|
Search
engines such as Excite and AltaVista use web spiders, also known
as robots, to create the indexes for their search databases.
These robots transverse HTML trees by loading pages and following
hyperlinks, and they report the text and/or meta-tag information
to create search indexes. ROBOTS.TXT, a file that spiders
look in for information on how the site is to be cataloged.

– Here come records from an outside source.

Lemma recolor_gadget c cx cy cz :
  [seq recolor c cx cy cz p.1 != recolor c cx cy cz p.2 | p <- gad] =
  gadget_colors (c v1) (c v3) cx cy cz.
Proof.
have [/neqF[_ yx] /neqF[_ zx] /neqF[_ zy]] := new_neq.
by rewrite /= !(recolor_old v1G, recolor_old v3G) /recolor eqxx yx zx zy !eqxx.
Qed.

Lemma ext_coloring (skip : rel nat) c cx cy cz : symmetric skip -> proper_off skip G c ->
  (forall j, j < 5 -> ~~ skip (nth (0, 0) gad j).1 (nth (0, 0) gad j).2 ->
     nth true (gadget_colors (c v1) (c v3) cx cy cz) j) ->
  proper_off skip H (recolor c cx cy cz).
Proof.
move=> skip_sym pc ok u w /= /orP[uw | uw].
  by have /andP[uG wG] := wf_edge wfG uw; rewrite (recolor_old uG) (recolor_old wG); apply: pc.
apply: (mkE_proper_off skip_sym _ uw) => j lt_j /(ok j lt_j).
by rewrite -recolor_gadget (nth_map (0, 0)).
Qed.

Lemma ext_gadget_colors c :
  proper_col H c -> all id (gadget_colors (c v1) (c v3) (c x) (c y) (c z)).
Proof.
move=> pc; rewrite -[gadget_colors _ _ _ _ _]/[seq c p.1 != c p.2 | p <- gad] all_map.
by apply/allP => -[a b] ab; apply: pc; rewrite /= /mkE ab !orbT.
Qed.

Lemma recolor_x c cx cy cz : recolor c cx cy cz x = cx.
Proof. by rewrite /recolor eqxx. Qed.

Lemma recolor_z c cx cy cz : recolor c cx cy cz z = cz.
Proof. by have [_ /neqF[_ zx] /neqF[_ zy]] := new_neq; rewrite /recolor zx zy eqxx. Qed.

Lemma ext_restrict c : proper_col H c -> proper_col G c.
Proof. by move=> pc u w uw; apply: pc; rewrite /= uw. Qed.
Theorem theorem2
  (n m k : nat) (b : R) (theta_star : nat -> R) (S : nat -> list nat)
  (thetahat : list nat -> nat -> R) (l2 : R) :
  in_Theta n b theta_star ->
  (2 <= k)%nat ->
  (forall t, (t < m)%nat ->
     NoDup (S t) /\ length (S t) = k /\ (forall i, In i (S t) -> (i < n)%nat)) ->
  is_lambda2 n (laplacian n (Mmat S n m)) l2 ->
  0 < l2 ->
  (forall ys, In ys (outcomes S m) ->
     in_Theta n b (thetahat ys) /\
     (forall theta, in_Theta n b theta ->
        loglik S m ys theta <= loglik S m ys (thetahat ys))) ->
  Prob S m theta_star
    (fun ys =>
       MSE n (thetahat ys) theta_star <=
       (4 * INR k ^ 2 * exp (4 * b)) ^ 2
         * (INR n * (ln (INR n) + 2) / l2 ^ 2) * / INR m)
  >= 1 - 2 / INR n.
Proof.
  intros Hts Hk HS Hl2 Hpos Hmax.
  assert (HnR : 0 < INR n) by (destruct Hl2; apply lt_0_INR; lia).
  assert (Hm : (0 < m)%nat).
  { destruct m; [|lia]. apply is_lambda2_zero in Hl2; [lra|]. apply laplacian_Mmat_no_obs. }
  assert (HmR : 0 < INR m) by (apply lt_0_INR; lia).
  assert (HS' : forall t, (t < m)%nat ->
                  NoDup (S t) /\ S t <> [] /\ (forall i, In i (S t) -> (i < n)%nat)).
  { intros t Ht. destruct (HS t Ht) as [? [Hlen ?]]. repeat split; auto.
    intros E. rewrite E in Hlen. simpl in Hlen. lia. }
  eapply Rge_trans, Rle_ge.
  - apply (Prob_ge_exp_moment S m theta_star _ (fun ys => sqnorm n (loglik_score S m theta_star ys))
             (/ (4 * INR m)) (4 * INR m * (ln (INR n) + 2)));
      [apply Rinv_0_lt_compat; lra | intros t Ht; apply HS'; auto |].
    intros ys Hys Hscore. destruct (Hmax ys Hys) as [Hth Hopt].
    eapply Rle_trans;
      [apply (mle_sqnorm_bound n m k b S l2 ltac:(lia) Hm HS Hl2 Hpos _ _ ys); auto|].
    replace ((4 * INR k ^ 2 * exp (4 * b)) ^ 2 * (INR n * (ln (INR n) + 2) / l2 ^ 2) * / INR m)
      with ((4 * INR k ^ 2 * exp (4 * b)) ^ 2 * INR n * (4 * INR m * (ln (INR n) + 2))
            / (4 * INR m ^ 2 * l2 ^ 2)) by (field; lra).
    unfold Rdiv. apply Rmult_le_compat_r; [left; apply Rinv_0_lt_compat; pose proof (pow_lt _ 2 HmR); pose proof (pow_lt _ 2 Hpos); nra|].
    apply Rmult_le_compat_l; [apply Rmult_le_pos; [apply pow2_ge_0 | lra] | auto].
  - replace (/ (4 * INR m) * (4 * INR m * (ln (INR n) + 2))) with (ln (INR n) + 2) by (field; lra).
    pose proof (exp_moment_loglik_score n S theta_star m Hm HS').
    pose proof (exp_neg_ln_bound (INR n) HnR). pose proof (exp_pos (- (ln (INR n) + 2))).
    nra.
Qed.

It is a ASCII text file that sits in the document root of the
server. It defines what documents and/or directories that
confirming spiders are forbidden to index.
The
robot exclusion protocol was introduced by Martijn Koster in
1994 to deal with problems that had been arising due to the
increasing popularity of the internet and the toll web spiders
were having on system resources. Some of the problems
were caused by robots rapid-firing requests, that is loading
pages in rapid succession. Other problems such as robots
indexing information deep in directory trees, temporary information,
and even accessing cgi-scripts. The robot exclusion protocol
was quickly adopted by webmasters and web robot makers as a
way to organize and control the indexing process.
Since
then, the size of the Internet has increased dramatically and
millions of people are using it. The number of web robots
crawling the web is greater than before and it is more important
than ever for all web sites to have a properly created and maintained
ROBOTS.TXT file.
With
RoboGen you create robot exclusion files by selecting All Robots
or a specific user-agent and adding documents and/or directories
by entering the path names manually or by selecting them using
FTP. Once all the restrictions and directives are set
you can save the robots.txt file to your hard drive or upload
it directly to your server.
It
is important to remember that robot exclusion files are not
a security measure. Some robots will simply ignore the
file and others may purposely load the documents that the files
marks as disallowed. This means that robot exclusion files
are really only useful for controlling what appears in search
engines.
|